▶ **DATA TO USE**:
Lemma RInt_inv_one_plus_sqr_le a b : a <= b -> RInt (fun y => / (1 + y ^ 2)) a b <= PI.
Proof.
  intro Hab. rewrite (RInt_derivable_pt_lim atan);
    [| apply derivable_pt_lim_atan | apply continuity_inv_one_plus_sqr].
  pose proof (atan_bound a). pose proof (atan_bound b). lra.
Qed.

Lemma is_improper_RInt_approx f (g : nat -> R -> R) Ls L e : continuity f ->
  (forall N, continuity (g N)) -> (forall N, is_improper_RInt (g N) (Ls N)) ->
  Un_cv Ls L -> Un_cv e 0 ->
  (forall N y, Rabs (f y - g N y) <= e N * / (1 + y ^ 2)) -> is_improper_RInt f L.
Proof.
  intros Hf Hg HI HL He Hb eps Heps. pose proof PI_RGT_0.
  destruct (He (eps / (3 * PI)) ltac:(apply Rdiv_lt_0_compat; lra)) as [N1 HN1].
  destruct (HL (eps / 3) ltac:(lra)) as [N2 HN2].
  set (N := (N1 + N2)%nat). specialize (HN1 N ltac:(unfold N; lia)). specialize (HN2 N ltac:(unfold N; lia)).
  unfold R_dist in HN1, HN2. rewrite Rminus_0_r in HN1.
  destruct (HI N (eps / 3) ltac:(lra)) as [M [HM HB]].
  exists M. split; auto. intros a b Ha Hb'. specialize (HB a b Ha Hb').
  assert (Cd : continuity (fun y => f y - g N y)) by (apply continuity_minus; auto).
  assert (B1 : Rabs (RInt (fun y => f y - g N y) a b) <= Rabs (e N) * PI).
  { eapply Rle_trans; [apply (abs_RInt_le_cont _ (fun y => Rabs (e N) * / (1 + y ^ 2)))|].
    - exact Cd.
    - apply continuity_scal, continuity_inv_one_plus_sqr.
    - lra.
    - intros y _. eapply Rle_trans; [apply Hb|].
      apply Rmult_le_compat_r; [left; apply Rinv_0_lt_compat, one_plus_sqr_pos | apply Rle_abs].
    - rewrite RInt_scal_cont by apply continuity_inv_one_plus_sqr.
      apply Rmult_le_compat_l; [apply Rabs_pos | apply RInt_inv_one_plus_sqr_le; lra]. }
  assert (Rabs (e N) * PI < eps / 3).
  { apply Rlt_le_trans with (eps / (3 * PI) * PI); [apply Rmult_lt_compat_r; auto | right; field; lra]. }
  replace (RInt f a b - L) with (RInt (fun y => f y - g N y) a b + (RInt (g N) a b - Ls N) + (Ls N - L))
    by (rewrite RInt_minus_cont; auto; ring).
  pose proof (Rabs_triang (RInt (fun y => f y - g N y) a b + (RInt (g N) a b - Ls N)) (Ls N - L)).
  pose proof (Rabs_triang (RInt (fun y => f y - g N y) a b) (RInt (g N) a b - Ls N)). lra.
Qed.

▶ **EXERCISE BRIEF**:
The answer must be a verbatim transcription of the entries above, from the first line through the line that contains "destruct (HL (eps", and nothing more.

▶ **EXPECTED ANSWER**:
Lemma RInt_inv_one_plus_sqr_le a b : a <= b -> RInt (fun y => / (1 + y ^ 2)) a b <= PI.
Proof.
  intro Hab. rewrite (RInt_derivable_pt_lim atan);
    [| apply derivable_pt_lim_atan | apply continuity_inv_one_plus_sqr].
  pose proof (atan_bound a). pose proof (atan_bound b). lra.
Qed.

Lemma is_improper_RInt_approx f (g : nat -> R -> R) Ls L e : continuity f ->
  (forall N, continuity (g N)) -> (forall N, is_improper_RInt (g N) (Ls N)) ->
  Un_cv Ls L -> Un_cv e 0 ->
  (forall N y, Rabs (f y - g N y) <= e N * / (1 + y ^ 2)) -> is_improper_RInt f L.
Proof.
  intros Hf Hg HI HL He Hb eps Heps. pose proof PI_RGT_0.
  destruct (He (eps / (3 * PI)) ltac:(apply Rdiv_lt_0_compat; lra)) as [N1 HN1].
  destruct (HL (eps / 3) ltac:(lra)) as [N2 HN2].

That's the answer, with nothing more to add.